Pre-requisites for Incorporating an LLP

To incorporate a Limited Liability Partnership (LLP) in India, the following prerequisites must be met:

  • Partners can be individuals or body corporates.
  • At least two designated partners are required, with one being a resident of India.
  • Each partner must have a valid Digital Signature Certificate (DSC) to digitally sign documents.
  • A unique name for the LLP must be reserved and approved by the Registrar of Companies (RoC).
  • It is mandatory to draft an LLP Agreement, outlining rights and responsibilities of partners and governance structure.
  • A registered office address within India must be established and declared.

 

Stages of Incorporation of LLP

A. Procure Digital Signature Certificate (DSC): To initiate the incorporation process of a Limited Liability Partnership (LLP), partners and designated individuals must obtain a Digital Signature Certificate (DSC). This certificate is essential for digitally signing online forms and documents submitted to the Ministry of Corporate Affairs (MCA). Here are the key details:

  • Required for filing online forms with the MCA.
  • The DSC must have a validity of at least 2 years.
  • Partners need to provide their PAN Card details along with other identity and address proofs as mandated.

B. Reserve LLP Name: Once the DSCs are secured, the next step is to reserve a unique name for the LLP using the web form ‘RUN-LLP’ (Reserve Unique Name – Limited Liability Partnership). Here’s how this process unfolds:

  • The RUN-LLP form simplifies the name reservation process, replacing the older LLP Form 1.
  • Applicants must fill in basic details and specify the significance of the proposed name.
  • Up to 2 names can be provided in order of preference. If none are approved, two more options can be submitted.
  • Government fees for the RUN form are as per the Registrar Office Fees Rules.
  • Neither a Digital Signature Certificate nor a Director Identification Number (DIN) is necessary for filing the RUN form. However, having an active MCA portal account is mandatory.
  • Once approved, the allotted name is reserved for 90 days from the date of approval. This allows sufficient time to complete the remaining incorporation formalities.

 

Tax Implications of LLP

Separate Taxable Entity: LLPs are treated as separate taxable entities distinct from their partners, similar to corporations. The LLP files its own tax returns and fulfills all tax obligations independently.

Tax Rates: The current applicable tax rate for LLPs is 30%, plus surcharge and cess as applicable.

Pass-Through Taxation: Income earned by the LLP is not taxed at the entity level. Instead, profits are passed through to the partners, who report and pay taxes on their respective shares of the LLP’s income based on their individual tax brackets.

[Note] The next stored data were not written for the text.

Lemma sum_powR_le_mean (I : finType) (A : {pred I}) (W : I -> R) q :
  (forall i, 0 <= W i) -> 0 <= q <= 1 ->
  \sum_(i in A) W i `^ q <= #|I|%:R * ((\sum_(i in A) W i) / #|I|%:R) `^ q.
Proof.
move=> W_ge0 q01; set s := \sum_(i in A) W i; set N : R := #|I|%:R.
have A_le_N : #|A|%:R <= N by rewrite ler_nat max_card.
have [s0|s_neq0] := eqVneq s 0.
  have W0 := psumr_eq0P (fun i _ => W_ge0 i) s0.
  rewrite s0 mul0r (eq_bigr (fun=> 0 `^ q)) => [|i /W0 ->//].
  by rewrite sumr_const -mulr_natl ler_wpM2r ?powR_ge0.
have N_gt0 : 0 < N.
  move: s_neq0; rewrite psumr_neq0 // => /hasP[i _ _].
  by rewrite ltr0n; apply/card_gt0P; exists i.
have s_gt0 : 0 < s by rewrite lt_neqAle eq_sym s_neq0 sumr_ge0.
(* Tangent line of t^q at y = s / #|I|, summed over A. *)
set y := s / N; have y_gt0 : 0 < y by rewrite divr_gt0.
have yN : y * N = s by rewrite divfK ?gt_eqF.
apply: (le_trans (y := \sum_(i in A) y `^ (q - 1) * (q * W i + (1 - q) * y))).
  by apply: ler_sum => i _; apply: powR_tangent_le.
rewrite -mulr_sumr big_split /= -mulr_sumr -/s sumr_const -mulr_natr.
have [q_ge0 q_le1] := andP q01.
apply: (le_trans (y := y `^ (q - 1) * (q * s + (1 - q) * (y * N)))).
  rewrite ler_wpM2l ?powR_ge0 // lerD2l -mulrA ler_wpM2l ?subr_ge0 //.
  by rewrite ler_wpM2l // ltW.
rewrite yN -mulrDl subrKC mul1r -yN mulrA -{2}(powRr1 (ltW y_gt0)).
by rewrite -gt0_powRD // subrK mulrC.
Qed.

Lemma powR1B_le a mu tau r : 0 < mu -> 0 < tau -> mu / tau <= a -> 0 <= r ->
  a `^ (1 - r) <= a * (tau `^ r * mu `^ (- r)).
Proof.
move=> mu_gt0 tau_gt0 mu_tau_le r_ge0.
have a_gt0 : 0 < a by apply: lt_le_trans mu_tau_le; rewrite divr_gt0.
have mu_le : mu `^ r <= tau `^ r * a `^ r.
  rewrite -powRM ?(ltW tau_gt0) ?(ltW a_gt0) //.
  apply: (ge0_ler_powR r_ge0); rewrite ?nnegrE ?(ltW mu_gt0) //.
    by rewrite mulr_ge0 ?(ltW tau_gt0) ?(ltW a_gt0).
  by rewrite mulrC -ler_pdivrMr.
have [ar_gt0 tr_gt0] := (powR_gt0 r a_gt0, powR_gt0 r tau_gt0).
rewrite gt0_powRD // powRr1 ?(ltW a_gt0) // ler_wpM2l ?(ltW a_gt0) // !powRN.
have -> : (a `^ r)^-1 = tau `^ r * (tau `^ r * a `^ r)^-1.
  by rewrite invfM mulrA mulfV ?gt_eqF ?mul1r.
by rewrite ler_wpM2l ?(ltW tr_gt0) // lef_pV2 ?posrE ?mulr_gt0 ?powR_gt0.
Qed.

Lemma second_moment_termsE mu tau gamma beta : 0 < mu -> 0 <= gamma -> beta <= 1 ->
  mu ^+ 2 * (tau `^ beta * mu `^ (- beta)) +
    (mu * (tau `^ (2 * beta - 1) * mu `^ (- (2 * beta - 1))) +
     (gamma * mu) `^ (2 - 2 * beta)) * (gamma * mu) `^ beta =
  mu ^+ 2 * (tau `^ beta + gamma `^ (2 - beta) + tau `^ (2 * beta - 1) * gamma `^ beta)
    * mu `^ (- beta).
Proof.
move=> mu_gt0 gamma_ge0 beta_le1; have mub_gt0 := powR_gt0 beta mu_gt0.
have e1 : mu `^ (- (2 * beta - 1)) = mu / mu `^ beta ^+ 2.
  rewrite (_ : - (2 * beta - 1) = 1 + - (beta + beta)); last by ring.
  by rewrite !gt0_powRD // powRr1 ?ltW // powRN gt0_powRD.
have e2 : mu `^ (2 - 2 * beta) = mu ^+ 2 / mu `^ beta ^+ 2.
  rewrite (_ : 2 - 2 * beta = 2%:R + - (beta + beta)); last by ring.
  by rewrite gt0_powRD // powR_mulrn ?(ltW mu_gt0) // powRN gt0_powRD.
have e3 : gamma `^ (2 - beta) = gamma `^ (2 - 2 * beta) * gamma `^ beta.
  rewrite -powRD; first by f_equal; ring.
  by rewrite (_ : _ + _ == 0 = false) // gt_eqF //; lra.
rewrite !powRM ?(ltW mu_gt0) // e1 e2 e3 powRN.
by field; rewrite gt_eqF.
Qed.

End powR_inequalities.

Section scale_free_pair.
Variables (R : realType) (beta M : R).
Hypothesis M_gt0 : 0 < M.
Implicit Types a b pa pb : R.

Lemma scale_free_ratio_le a pa : 0 <= a -> M^-1 * a `^ beta <= pa ->
  a / pa <= M * a `^ (1 - beta).
Proof.
rewrite le_eqVlt => /predU1P[<-|a_gt0] pa_ge.
  by rewrite mul0r mulr_ge0 ?powR_ge0 ?ltW.
have pa_gt0 : 0 < pa.
  by apply: lt_le_trans pa_ge; rewrite mulr_gt0 ?invr_gt0 ?powR_gt0.
rewrite ler_pdivrMr //; apply: le_trans (ler_wpM2l _ pa_ge); last first.
  by rewrite mulr_ge0 ?powR_ge0 ?ltW.
by rewrite mulrACA mulfV ?gt_eqF // mul1r -gt0_powRD // subrK powRr1 // ltW.
Qed.

Lemma scale_free_sq_ratio_le a pa : 0 <= a -> M^-1 * a `^ beta <= pa ->
  (a / pa) ^+ 2 <= M ^+ 2 * a `^ (2 - 2 * beta).
Proof.
move=> a_ge0 pa_ge.
have a_pa_ge0 : 0 <= a / pa.
  by rewrite divr_ge0 // (le_trans _ pa_ge) ?mulr_ge0 ?invr_ge0 ?powR_ge0 ?ltW.
have -> : 2 - 2 * beta = (1 - beta) * 2%:R by ring.
rewrite powRrM powR_mulrn ?powR_ge0 // -exprMn.
by rewrite lerXn2r ?nnegrE ?scale_free_ratio_le // mulr_ge0 ?powR_ge0 // ltW.
Qed.

Lemma sq_ratio_min_le_powR a b pa pb : 0 <= a ->
  M^-1 * a `^ beta <= pa -> pb <= M * b `^ beta ->
  (a / pa) ^+ 2 * Num.min pa pb <= M ^+ 3 * (a `^ (2 - 2 * beta) * b `^ beta).
Proof.
move=> a_ge0 pa_ge pb_le.
have min_le : Num.min pa pb <= M * b `^ beta by rewrite ge_min pb_le orbT.
apply: le_trans (ler_wpM2l (sqr_ge0 _) min_le) _.
rewrite (exprSr M 2) [leRHS]mulrACA ler_wpM2r ?mulr_ge0 ?powR_ge0 ?(ltW M_gt0) //.
exact: scale_free_sq_ratio_le.
Qed.

Lemma sq_ratio_min_le a b pa pb : 1 / 2 <= beta <= 1 -> 1 <= M ->
  0 <= a -> 0 <= b -> M^-1 * a `^ beta <= pa -> pb <= M * b `^ beta ->
  (a / pa) ^+ 2 * Num.min pa pb <= M ^+ 3 * (a * b `^ (1 - beta)).
Proof.
move=> /andP[beta_ge beta_le1] M_ge1 a_ge0 b_ge0 pa_ge pb_le.
(* For a <= b bound the minimum by pa; for b < a use the previous lemma and
   b^(2 beta - 1) <= a^(2 beta - 1). *)
have [a_le_b|b_lt_a] := leP a b.
  have [->|a_neq0] := eqVneq a 0.
    by rewrite mul0r expr0n /= !mul0r mulr0.
  have a_gt0 : 0 < a by rewrite lt_neqAle eq_sym a_neq0.
  have pa_gt0 : 0 < pa.
    by apply: lt_le_trans pa_ge; rewrite mulr_gt0 ?invr_gt0 ?powR_gt0.
  have min_le : Num.min pa pb <= pa by rewrite ge_min lexx.
  apply: le_trans (ler_wpM2l (sqr_ge0 _) min_le) _.
  rewrite expr2 -mulrA divfK ?gt_eqF // mulrC [leRHS]mulrCA ler_wpM2l //.
  apply: le_trans (scale_free_ratio_le a_ge0 pa_ge) _.
  apply: ler_pM; rewrite ?powR_ge0 ?(ltW M_gt0) ?ler_eXnr //.
  by apply: (ge0_ler_powR _); rewrite ?nnegrE ?subr_ge0.
apply: le_trans (sq_ratio_min_le_powR a_ge0 pa_ge pb_le) _.
rewrite ler_wpM2l ?exprn_ge0 ?(ltW M_gt0) //.
have [->|b_neq0] := eqVneq b 0.
  rewrite powR0 ?mulr0 ?mulr_ge0 ?powR_ge0 // gt_eqF //.
  exact: lt_le_trans beta_ge.
have b_gt0 : 0 < b by rewrite lt_neqAle eq_sym b_neq0.
have a_gt0 : 0 < a by apply: le_lt_trans b_lt_a.
have beta2_ge0 : 0 <= 2 * beta - 1 by lra.
have -> : b `^ beta = b `^ (2 * beta - 1) * b `^ (1 - beta).
  by rewrite -gt0_powRD // (_ : 2 * beta - 1 + (1 - beta) = beta) //; ring.
rewrite mulrA ler_wpM2r ?powR_ge0 //.
apply: (le_trans (y := a `^ (2 - 2 * beta) * a `^ (2 * beta - 1))).
  rewrite ler_wpM2l ?powR_ge0 //.
  by apply: (ge0_ler_powR beta2_ge0); rewrite ?nnegrE // ltW.
rewrite -gt0_powRD // (_ : 2 - 2 * beta + (2 * beta - 1) = 1); last by ring.
by rewrite powRr1 // ltW.
Qed.

Lemma sum_sq_ratio_min_le n (W p : 'I_n -> R) (A : {pred 'I_n}) :
  1 / 2 <= beta <= 1 -> 1 <= M -> (forall i, 0 <= W i) ->
  (forall i, M^-1 * W i `^ beta <= p i /\ p i <= M * W i `^ beta) ->
  \sum_(i < n) \sum_(j < n) (W i / p i) ^+ 2 * Num.min (p i) (p j) <=
  M ^+ 3 * ((\sum_(i < n) W i) * (\sum_(j in A) W j `^ (1 - beta)) +
            (\sum_(i < n) W i `^ (2 - 2 * beta)) *
              (\sum_(j | j \notin A) W j `^ beta)).
Proof.
move=> beta01 M_ge1 W_ge0 Wp.
rewrite !big_distrl /= mulrDr !mulr_sumr -big_split /=.
apply: ler_sum => i _; rewrite (bigID [in A]) /= !mulr_sumr.
have [pi_ge _] := Wp i.
apply: lerD; apply: ler_sum => j _; have [_ pj_le] := Wp j.
- by rewrite sq_ratio_min_le.
- by rewrite sq_ratio_min_le_powR.
Qed.

End scale_free_pair.

Section localized_weights.
Variables (R : realType) (dd n : nat) (w : 'rV[R]_dd -> 'I_n -> R).
Variables (x : 'rV[R]_dd) (tau gamma : R).
Hypotheses (w_ge0 : forall i, 0 <= w x i) (mu_gt0 : 0 < mu_of w x).
Hypotheses (mu_le_tau : mu_of w x <= tau) (gamma_ge0 : 0 <= gamma).
Hypothesis x_localized : localized w x tau gamma.

Local Notation mu := (mu_of w x).
Local Notation B := (Bset w x tau).

Lemma n_gt0 : 0 < n%:R :> R.
Proof.
rewrite ltr0n lt0n; apply: contraTneq mu_gt0 => n0.
by rewrite /mu_of; move: (w x); rewrite n0 => f; rewrite invr0 mul0r ltxx.
Qed.

Lemma sum_weightsE : \sum_(i < n) w x i = n%:R * mu.
Proof. by rewrite /mu_of mulrA mulfV ?mul1r // gt_eqF // n_gt0. Qed.

Lemma sum_notB_le : \sum_(i | i \notin B) w x i <= gamma * (n%:R * mu).
Proof.
have := x_localized; rewrite /localized -sum_weightsE (bigID (mem B)) /=.
lra.
Qed.

Lemma sum_B_powR_le (r : R) : 0 <= r ->
  \sum_(i in B) w x i `^ (1 - r) <= n%:R * mu * (tau `^ r * mu `^ (- r)).
Proof.
move=> r_ge0; have tau_gt0 : 0 < tau by apply: lt_le_trans mu_le_tau.
apply: (le_trans (y := \sum_(i in B) w x i * (tau `^ r * mu `^ (- r)))).
  by apply: ler_sum => i; rewrite inE => /powR1B_le; apply.
rewrite -mulr_suml ler_wpM2r ?mulr_ge0 ?powR_ge0 //.
by rewrite -sum_weightsE [leRHS](bigID (mem B)) /= lerDl sumr_ge0.
Qed.

Lemma sum_notB_powR_le (q : R) : 0 <= q <= 1 ->
  \sum_(i | i \notin B) w x i `^ q <= n%:R * (gamma * mu) `^ q.
Proof.
move=> q01; apply: le_trans (sum_powR_le_mean [predC B] w_ge0 q01) _.
rewrite card_ord ler_wpM2l ?ler0n //; have [q_ge0 _] := andP q01.
apply: (ge0_ler_powR q_ge0); rewrite ?nnegrE.
- by rewrite divr_ge0 ?ler0n ?sumr_ge0.
- by rewrite mulr_ge0 // ltW.
- by rewrite ler_pdivrMr ?n_gt0 // -mulrA (mulrC mu) sum_notB_le.
Qed.

Variable beta : R.
Hypothesis beta01 : 1 / 2 <= beta <= 1.

Lemma sum_powR22_le : \sum_(i < n) w x i `^ (2 - 2 * beta) <=
  n%:R * mu * (tau `^ (2 * beta - 1) * mu `^ (- (2 * beta - 1))) +
  n%:R * (gamma * mu) `^ (2 - 2 * beta).
Proof.
have [beta_ge beta_le1] := andP beta01.
rewrite (bigID (mem B)) /= lerD //; last by rewrite sum_notB_powR_le //; lra.
rewrite (_ : 2 - 2 * beta = 1 - (2 * beta - 1)); last by ring.
by rewrite sum_B_powR_le //; lra.
Qed.

Variables (p : 'I_n -> R) (M : R).
Hypothesis M_ge1 : 1 <= M.
Hypothesis p_scale_free :
  forall i, M^-1 * w x i `^ beta <= p i /\ p i <= M * w x i `^ beta.

Lemma localized_sum_sq_ratio_min_le :
  (\sum_(i < n) \sum_(j < n) (w x i / p i) ^+ 2 * Num.min (p i) (p j)) / n%:R ^+ 2 <=
  mu ^+ 2 * M ^+ 3 *
    (2 * tau `^ beta + gamma `^ (2 - beta) + tau `^ (2 * beta - 1) * gamma `^ beta)
    * mu `^ (- beta).
Proof.
have [beta_ge beta_le1] := andP beta01.
have M_gt0 : 0 < M by apply: lt_le_trans M_ge1.
have mu_ge0 := ltW mu_gt0.
pose K r := tau `^ r * mu `^ (- r).
pose G r := (gamma * mu) `^ r.
apply: (le_trans (y := M ^+ 3 * (n%:R * mu * (n%:R * mu * K beta) +
    (n%:R * mu * K (2 * beta - 1) + n%:R * G (2 - 2 * beta)) * (n%:R * G beta))
    / n%:R ^+ 2)).
  rewrite ler_wpM2r ?invr_ge0 ?exprn_ge0 ?ler0n //.
  apply: le_trans (sum_sq_ratio_min_le M_gt0 B beta01 M_ge1 w_ge0 p_scale_free) _.
  have nmu_ge0 : 0 <= n%:R * mu by rewrite mulr_ge0 ?ler0n.
  rewrite ler_wpM2l ?exprn_ge0 ?(ltW M_gt0) // sum_weightsE.
  apply: lerD; first by rewrite ler_wpM2l // /K sum_B_powR_le //; lra.
  apply: ler_pM; rewrite ?sumr_ge0 ?sum_powR22_le // => *; rewrite ?powR_ge0 //.
  by rewrite /G sum_notB_powR_le //; lra.
rewrite (_ : _ / _ = M ^+ 3 * (mu ^+ 2 * K beta +
    (mu * K (2 * beta - 1) + G (2 - 2 * beta)) * G beta)); last first.
  by field; rewrite gt_eqF ?n_gt0.
rewrite /K /G second_moment_termsE //; set S := _ + _ + _.
rewrite (_ : _ * (_ * S * _) = mu ^+ 2 * M ^+ 3 * S * mu `^ (- beta)); last by ring.
have c_ge0 : 0 <= mu ^+ 2 * M ^+ 3.
  by rewrite mulr_ge0 ?sqr_ge0 ?exprn_ge0 ?(ltW M_gt0).
by rewrite ler_wpM2r ?powR_ge0 // ler_wpM2l // !lerD2r ler_peMl ?powR_ge0 ?ler1n.
Qed.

Deductions and Benefits: LLPs can claim various deductions and benefits similar to those available to companies, including:

  • Depreciation on assets
  • Interest on loans
  • Business expenses
  • Research and development costs
  • Other allowable deductions under the Income Tax Act

Compliance and Designated Partner: A designated partner is responsible for ensuring the LLP’s tax compliance, which includes:

  • Timely and accurate filing of tax returns
  • Maintenance of proper accounts and records
  • Adherence to tax laws and regulations

Limited Liability for Tax Debts: Partners typically have limited liability for tax debts of the LLP, except in cases involving fraud, negligence, or wrongful trading, where personal liability may be incurred.

 

Documents Required for LLP Registration

Checklist for Partners:
  • PAN Card: Mandatory for all partners of the LLP.
  • Passport: Required for partners who are foreign nationals or NRIs.
  • Aadhar Card/Voter ID/Passport/Driving License: Needed for partners who are Indian citizens as proof of identity.
  • Updated Address Proof: Acceptable documents include bank statements (recent), telephone bill, gas bill, electricity bill, mobile bill
  • Passport Size Photographs: Recent photographs of all partners.
  • Blank Document with Sample Signature: A document with a sample signature of each partner for verification purposes.
Checklist for Registered Office:
  • Electricity Bill: Recent bill indicating the electricity connection at the registered office address.
  • Rent Agreement: Duly signed by the notary if the premises are rented.
  • No Objection Certificate (NoC): From the owner of the registered office property, allowing its use as the LLP’s registered office.
  • Sale Deed/Property Deed: Required if the registered office property is self-owned, as proof of ownership.

These documents are essential for obtaining the LLP Registration Certificate and must be submitted accurately and in compliance with the regulations set forth by the Ministry of Corporate Affairs (MCA) in India.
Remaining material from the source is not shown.